# Show AF points in Lightroom?



## NicholasG

I think I know the answer to this question, but I thought I'd double check, because I'm a newbie 

In Aperture it is possible to show the camera's AF points and the active AF point(s) when looking at one or more photographs. Is that possible in Lightroom?

Thanks,
Nicholas


----------



## clee01l

There is a 3rd party Plugin that does what you want.   I don't have a link to it atm.


----------



## happycranker

This is the one, I use. Works for Canon, Nikon and some Sony camera's.
Show Focus Points Plugin for Lightroom


----------



## NicholasG

Wow! Thanks.
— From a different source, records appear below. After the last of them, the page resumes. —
Lemma bounded_nat_pred_max (Q : nat -> Prop) n :
  Q 0 -> (forall m, Q m -> m <= n) -> exists k, Q k /\ forall m, Q m -> m <= k.
Proof.
  intros Q0. induction n as [|n IH]; intros Hbound.
  - exists 0. split; [exact Q0|exact Hbound].
  - destruct (classic (Q (S n))) as [Hn|Hn]; [exists (S n); auto|].
    apply IH. intros m Qm. specialize (Hbound m Qm).
    destruct (Nat.eq_dec m (S n)) as [->|]; [contradiction|lia].
Qed.

Lemma collect_lists {A} (D : A -> Prop) (R : nat -> list A -> Prop) n :
  (forall k, k < n -> exists F, (forall y, In y F -> D y) /\ R k F) ->
  exists G, (forall y, In y G -> D y) /\ forall k, k < n -> exists F, R k F /\ incl F G.
Proof.
  induction n as [|n IH]; intros H.
  - exists nil. split; [intros y []|intros k Hk; lia].
  - destruct IH as [G [HG HGk]]; [intros k Hk; apply H; lia|].
    destruct (H n (Nat.lt_succ_diag_r n)) as [F [HF RF]].
    exists (F ++ G). split.
    + intros y Hy. apply in_app_or in Hy as [Hy|Hy]; auto.
    + intros k Hk. destruct (Nat.eq_dec k n) as [->|Hkn].
      * exists F. split; [exact RF|intros y Hy; apply in_or_app; left; exact Hy].
      * destruct (HGk k ltac:(lia)) as [F' [RF' HF']].
        exists F'. split; [exact RF'|intros y Hy; apply in_or_app; right; auto].
Qed.

Lemma zorn_union (T : Type) (P : (T -> Prop) -> Prop) :
  (forall F : (T -> Prop) -> Prop, (forall X, F X -> P X) ->
     (forall X Y, F X -> F Y -> (forall t, X t -> Y t) \/ (forall t, Y t -> X t)) ->
     P (fun t => exists X, F X /\ X t)) ->
  exists A, P A /\ forall B, (forall t, A t -> B t) -> P B -> forall t, B t -> A t.
Proof.
  intros H.
  destruct (@classical_sets.Zorn_bigcup T P) as [A [PA HA]].
  - intros F FP Ftot.
    replace (classical_sets.bigcup F (fun X => X)) with (fun t => exists X, F X /\ X t).
    + apply H; auto.
    + apply functional_extensionality; intro t; apply propositional_extensionality.
      split; [intros [X [FX Xt]]; econstructor; eauto|intros [X FX Xt]; eauto].
  - exists A. split; [exact PA|].
    intros B AB PB t Bt. apply NNPP; intro nA.
    apply (HA B); [split; [exact AB|intro BA; apply nA, BA, Bt]|exact PB].
Qed.

Section Antichains.
Context {T : Type} (le : T -> T -> Prop).

Definition antichain (P : T -> Prop) (m : nat) (a : nat -> T) : Prop :=
  (forall k, k < m -> P (a k)) /\
  (forall k l, k < m -> l < m -> k <> l -> ~ le (a k) (a l)).

Definition width_le (P : T -> Prop) (n : nat) : Prop :=
  forall m a, antichain P m a -> m <= n.

Definition chain (K : T -> Prop) : Prop :=
  forall x y, K x -> K y -> le x y \/ le y x.

Definition chain_coloring (P : T -> Prop) (n : nat) (col : T -> nat) : Prop :=
  (forall x, P x -> col x < n) /\
  (forall x y, P x -> P y -> col x = col y -> le x y \/ le y x).

Definition setminus (P K : T -> Prop) (x : T) : Prop := P x /\ ~ K x.

Lemma antichain_sub P Q m a :
  (forall x, P x -> Q x) -> antichain P m a -> antichain Q m a.
Proof. intros HPQ [Ha Hanti]. split; auto. Qed.

Lemma antichain_prefix P m n a : n <= m -> antichain P m a -> antichain P n a.
Proof. intros Hnm [Ha Hanti]. split; intros; [apply Ha|apply Hanti]; auto; lia. Qed.

Lemma antichain_snoc P n b a :
  antichain P n b -> P a -> (forall k, k < n -> ~ le (b k) a /\ ~ le a (b k)) ->
  antichain P (S n) (fun k => if k <? n then b k else a).
Proof.
  intros [Hb Hanti] Pa Hinc. split.
  - intros k Hk. destruct (Nat.ltb_spec k n); auto.
  - intros k l Hk Hl Hkl.
    destruct (Nat.ltb_spec k n), (Nat.ltb_spec l n).
    + apply Hanti; auto.
    + apply Hinc; auto.
    + apply Hinc; lia.
    + lia.
Qed.

Lemma width_le_of_no_antichain P n :
  (forall a, ~ antichain P n a) -> width_le P (n - 1).
Proof.
  intros Hno m a Ha. destruct (Nat.lt_ge_cases m n) as [Hmn|Hnm]; [lia|].
  exfalso. apply (Hno a), (antichain_prefix P m n a Hnm Ha).
Qed.

Lemma chain_coloring_sub P Q n col :
  (forall x, Q x -> P x) -> chain_coloring P n col -> chain_coloring Q n col.
Proof. intros HQP [Hlt Hc]. split; auto. Qed.

Lemma antichain_meets_every_color P n col b :
  chain_coloring P n col -> antichain P n b ->
  forall i, i < n -> exists k, k < n /\ col (b k) = i.
Proof.
  intros [Hlt Hc] [Hb Hanti]. apply pigeonhole_lt_surj.
  - intros k Hk. apply Hlt, Hb, Hk.
  - intros k l Hk Hl E. apply NNPP; intro Hkl.
    destruct (Hc _ _ (Hb k Hk) (Hb l Hl) E); [apply (Hanti k l)|apply (Hanti l k)]; auto.
Qed.

Lemma chain_coloring_add_chain P K m n col :
  chain K -> chain_coloring (setminus P K) m col -> m < n ->
  exists col', chain_coloring P n col'.
Proof.
  intros HK [Hlt Hc] Hmn.
  exists (fun x => if excluded_middle_informative (K x) then m else col x). split.
  - intros x Px. destruct (excluded_middle_informative (K x)) as [Kx|Kx]; [lia|].
    specialize (Hlt x (conj Px Kx)). lia.
  - intros x y Px Py.
    destruct (excluded_middle_informative (K x)) as [Kx|Kx],
             (excluded_middle_informative (K y)) as [Ky|Ky]; intro E.
    + apply HK; assumption.
    + specialize (Hlt y (conj Py Ky)). lia.
    + specialize (Hlt x (conj Px Kx)). lia.
    + apply Hc; [split|split|]; assumption.
Qed.

End Antichains.

Section Dilworth.
Context {T : Type} (le : T -> T -> Prop).
Hypothesis po : partial_order le.

Let le_refl : forall x, le x x := proj1 po.
Let le_antisym : forall x y, le x y -> le y x -> x = y := proj1 (proj2 po).
Let le_trans : forall x y z, le x y -> le y z -> le x z := proj2 (proj2 po).
Let eq_dec (x y : T) : {x = y} + {x <> y} := excluded_middle_informative (x = y).

Definition listed (P : T -> Prop) (l : list T) : Prop := forall x, P x -> In x l.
Exactly what I was looking for.


----------



## Woodbutcher

That plug in works, but remember if you are half pressing the shutter to get a focus lock and recomposing then it will show the focus point that was used to get focus, but it won't be over the part of the subject where it was when it obtained focus.  When in the continuous focus mode on your camera it will always be correct.  Hopefully that made sense.

When I'm taking pictures of people I will regularly focus on the eye with a half shutter press, hold it and move the camera slightly.


----------



## Roelof Moorlag

And another warning: the file can not be altered, then the focus-point-information will be lost.
For example when you are using a DNG workflow (like i do) then this information is lost also.
And not al camera's are supported (like the Nikon D850)


----------



## Wernfried

Here is another one: musselwhizzle/Focus-Points
However, it does not work on Windows.


----------



## Zenon

Woodbutcher said:


> That plug in works, but remember if you are half pressing the shutter to get a focus lock and recomposing then it will show the focus point that was used to get focus, but it won't be over the part of the subject where it was when it obtained focus.  When in the continuous focus mode on your camera it will always be correct.  Hopefully that made sense.
> 
> When I'm taking pictures of people I will regularly focus on the eye with a half shutter press, hold it and move the camera slightly.



Same goes for AI Servo. The indicated point is not always where the actual focus took place.


----------